From: Dave Farber <dave () farber net>
Date: Tue, 06 Aug 2002 19:13:34 -0400



-----Original Message-----
From: "Richard Jay Solomon"<rsolomon () dsl cis upenn edu>
Sent: 8/6/02 7:03:28 PM
To: "David Farber"<farber () cis upenn edu>
Cc: "Eric Rosenthal"<eric () creative-technology net>, "maureen () goodread com"<maureen () goodread com>, "Clark 
Johnson, Jr."<clark () fcomm net>, "Sean E. Solomon"<seans () goodread com>
Subject: Government Is Slow to Offer Safety Plans



___  Preparedness Guide ___

Dirty bombs, anthrax and smallpox: An informative guide for you and 
your family. Click to launch
the guide.
http://www.washingtonpost.com/wp-dyn/articles/A47958-2002Aug5.html


Government Is Slow to Offer Safety Plans
Local, National Offices Have Yet to Disclose Advice People Could Use 
in a Terrorist Attack

By Barton Gellman
Washington Post Staff Writer
Tuesday, August 6, 2002; Page A01




NEW YORK -- In a closed meeting recently in Manhattan, Police 
Commissioner Ray Kelly fielded a question about the city's 
evacuation plan in case of biological, chemical or radiological 
attack.

"He took a long sip of his tea, and put it down, and said, 'What 
evacuation?' " recalled one participant, whose employer forbids him 
to be quoted by name. "He said, 'This is a city of 8 million people. 
It can't be done.' "

To someone choosing between shelter and flight when contaminants are 
in the air, that would be valuable information. National models show 
that a sudden exodus from nearly any big city would leave people 
gridlocked and exposed, while safe rooms they could make at home 
could offer life-saving protection. (See guide, Page A6.)

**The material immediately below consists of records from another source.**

Record Coverage (st : state V) : Prop := {
  cv_current : forall r u d tau tr0 done, ph st = PProc r u d tau tr0 done ->
    incl tr0 (trav st) /\
    forall x t, In x done -> inB E u tau tr0 (u, x, t) -> covers (recs st) x (S d) t;
  cv_trav : forall y x t L, In (y, x, t) (trav st) -> In L (actlev st) ->
    covers (recs st) x (S L) t;
  cv_expanded : forall i Ri, nth_error (recs st) i = Some Ri -> ~ In i (queue st) ->
    processing st <> Some i -> expanded (recs st) Ri }.
Arguments cv_current {st}. Arguments cv_trav {st}. Arguments cv_expanded {st}.

Definition preserved (st st' : state V) : Prop :=
  Shape st' /\ Coverage st' /\ refines (recs st) (recs st').

Lemma current_level_bounds st r u d tau tr0 done :
  Shape st -> ph st = PProc r u d tau tr0 done ->
  forall L, In L (actlev st) -> (d <= L <= S d)%nat.
Proof.
  intros Hsh Hph. pose proof sh_window Hsh as Hw.
  rewrite (actlev_proc Hph) in *. apply two_blocks_bounds, Hw.
Qed.

Lemma current_sound st r u d tau tr0 done v t q :
  Shape st -> ph st = PProc r u d tau tr0 done -> inB E u tau tr0 (u, v, t) ->
  sound_record (mkRec v (S d) t q).
Proof.
  intros Hsh Hph HB. destruct (sh_current Hsh _ _ _ _ _ _ Hph) as (p & Hr).
  eapply sound_extend; [|exact HB]. apply (sh_sound Hsh), (nth_error_In _ _ Hr).
Qed.

Lemma handle_coverage st st' r u d tau tr0 done v t :
  Shape st -> Coverage st ->
  ph st = PProc r u d tau tr0 done ->
  ph st' = PProc r u d tau tr0 (v :: done) ->
  (forall t', inB E u tau tr0 (u, v, t') -> t <= t') ->
  trav st' = (u, v, t) :: trav st ->
  refines (recs st) (recs st') ->
  covers (recs st') v (S d) t ->
  (forall L, In L (actlev st') -> In L (actlev st) \/ L = S d) ->
  (forall i Ri, nth_error (recs st') i = Some Ri -> ~ In i (queue st') -> i <> r ->
     nth_error (recs st) i = Some Ri /\ ~ In i (queue st)) ->
  Coverage st'.
Proof.
  intros Hsh Hcv Hph Hph' Hmin Htr Href Hv Hact Hfin.
  destruct (cv_current Hcv _ _ _ _ _ _ Hph) as [Hincl Hdone].
  pose proof (current_level_bounds _ _ _ _ _ _ _ Hsh Hph) as Hbnd.
  assert (Hd' : forall L, In L (actlev st') -> (d <= L)%nat).
  { intros L HL. destruct (Hact L HL) as [HL'| ->]; [apply Hbnd, HL'|lia]. }
  assert (Hdin : In d (actlev st)) by (rewrite (actlev_proc Hph); left; auto).
  constructor.
  - intros r1 u1 d1 tau1 tr1 done1 Heq. rewrite Hph' in Heq.
    injection Heq as <- <- <- <- <- <-. split.
    + rewrite Htr. apply incl_tl, Hincl.
    + intros x t' [<-|Hx] HB.
      * eapply covers_weaken; [| |exact Hv]; [lia|apply Hmin, HB].
      * apply Href, Hdone; auto.
  - intros y x t' L He HL. rewrite Htr in He. destruct He as [He|He].
    + injection He as <- <- <-.
      eapply covers_weaken; [| |exact Hv]; [specialize (Hd' L HL); lia|lra].
    + apply Href. destruct (Hact L HL) as [HL'| ->].
      * apply (cv_trav Hcv y x t' L He HL').
      * eapply covers_weaken; [| |apply (cv_trav Hcv y x t' d He Hdin)]; [lia|lra].
  - intros i Ri Hi Hq Hp. unfold processing in Hp. rewrite Hph' in Hp.
    destruct (Hfin i Ri Hi Hq) as [Hi' Hq']; [congruence|].
    intros x t' Hin Ht. apply Href. apply (cv_expanded Hcv i Ri Hi' Hq'); auto.
    unfold processing. rewrite Hph. congruence.
Qed.

Lemma pop_preserved st r q' R0 :
  Shape st -> Coverage st -> ph st = PPop V -> queue st = r :: q' ->
  nth_error (recs st) r = Some R0 ->
  preserved st (mkSt (recs st) q' (Defs.sigma st) (trav st)
                  (PProc r (rv R0) (rlvl R0) (rtime R0) (trav st) [])).
Proof.
  intros Hsh Hcv Hph Hq Hr.
  assert (Hact : actlev (mkSt (recs st) q' (Defs.sigma st) (trav st)
                  (PProc r (rv R0) (rlvl R0) (rtime R0) (trav st) [])) = actlev st).
  { rewrite (actlev_pop Hph). unfold actlev, qlev. simpl. rewrite Hq. simpl.
    unfold lvl_of. rewrite Hr. reflexivity. }
  split; [|split; [|apply refines_refl]]; constructor; try rewrite Hact; simpl.
  - intros j Hj. apply (sh_queue Hsh). rewrite Hq. right; exact Hj.
  - intros r1 u1 d1 tau1 tr1 done1 Heq. injection Heq as <- <- <- <- <- <-.
    exists (rpred R0). rewrite Hr. destruct R0; reflexivity.
  - apply (sh_window Hsh).
  - apply (sh_levels Hsh).
  - apply (sh_sigma Hsh).
  - apply (sh_sound Hsh).
  - intros r1 u1 d1 tau1 tr1 done1 Heq. injection Heq as <- <- <- <- <- <-.
    split; [apply incl_refl|intros x t []].
  - apply (cv_trav Hcv).
  - intros i Ri Hi Hni Hp. apply (cv_expanded Hcv i Ri Hi).
    + rewrite Hq. intros [<-|Hi']; [apply Hp; reflexivity|auto].
    + unfold processing. rewrite Hph. discriminate.
Qed.

(* Once every target has been handled, the processed record is expanded:
   its edges in [B] were handled now, the others had been traversed before. *)
Lemma finish_preserved st r u d tau tr0 done :
  Shape st -> Coverage st -> ph st = PProc r u d tau tr0 done ->
  (forall v t, inB E u tau tr0 (u, v, t) -> In v done) ->
  preserved st (mkSt (recs st) (queue st) (Defs.sigma st) (trav st) (PPop V)).
Proof.
  intros Hsh Hcv Hph Hall.
  assert (Hact : actlev st = d :: qlev st) by apply (actlev_proc Hph).
  assert (Hin : forall L, In L (qlev st) -> In L (actlev st)) by (rewrite Hact; right; auto).
  destruct (sh_current Hsh _ _ _ _ _ _ Hph) as (p & Hr).
  destruct (cv_current Hcv _ _ _ _ _ _ Hph) as [Hincl Hdone].
  split; [|split; [|apply refines_refl]]; constructor; unfold actlev; simpl.
  - apply (sh_queue Hsh).
  - discriminate.
  - pose proof (sh_window Hsh) as Hw. rewrite Hact in Hw. apply (two_blocks_tail _ _ Hw).
  - intros R0 L HR HL. apply (sh_levels Hsh); auto.
  - apply (sh_sigma Hsh).
  - apply (sh_sound Hsh).
  - discriminate.
  - intros y x t L He HL. apply (cv_trav Hcv y); auto.
  - intros i Ri Hi Hni _. destruct (Nat.eq_dec i r) as [->|Hir].
    + rewrite Hr in Hi. injection Hi as <-. intros x t He Ht; simpl in *.
      destruct (classic (In (u, x, t) tr0)) as [Htr|Htr].
      * apply (cv_trav Hcv u x t d); [apply Hincl, Htr|rewrite Hact; left; auto].
      * assert (HB : inB E u tau tr0 (u, x, t)) by (repeat split; auto).
        apply Hdone; [apply (Hall x t HB)|exact HB].
    + apply (cv_expanded Hcv i Ri Hi Hni). unfold processing. rewrite Hph. congruence.
Qed.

But President Bush and local elected leaders are not providing this 
information to the public. For political and bureaucratic reasons, 
governments at all levels are telling far less to the public than to 
insiders about how to prepare for and behave in the initial chaos of 
a mass-casualty event.

Homeland Security Director Tom Ridge often describes another major 
attack as "a matter of when, not if," and he said recently it could 
kill "vast numbers of Americans." But he has not yet urged the 
public to take available steps that could reduce the toll. When 
asked, the government is dispensing generic guidance with fewer 
particulars than it puts in pamphlets about hurricanes and winter 
storms.

The Bush administration, Congress and some municipal authorities are 
preparing themselves more effectively for an attack. Congress, for 
example, has evacuation routes and respiratory protection for every 
member and aide. Kelly, who could not be reached for this article 
after a faxed letter and telephone calls, keeps emergency water, 
food and medical supplies for his office.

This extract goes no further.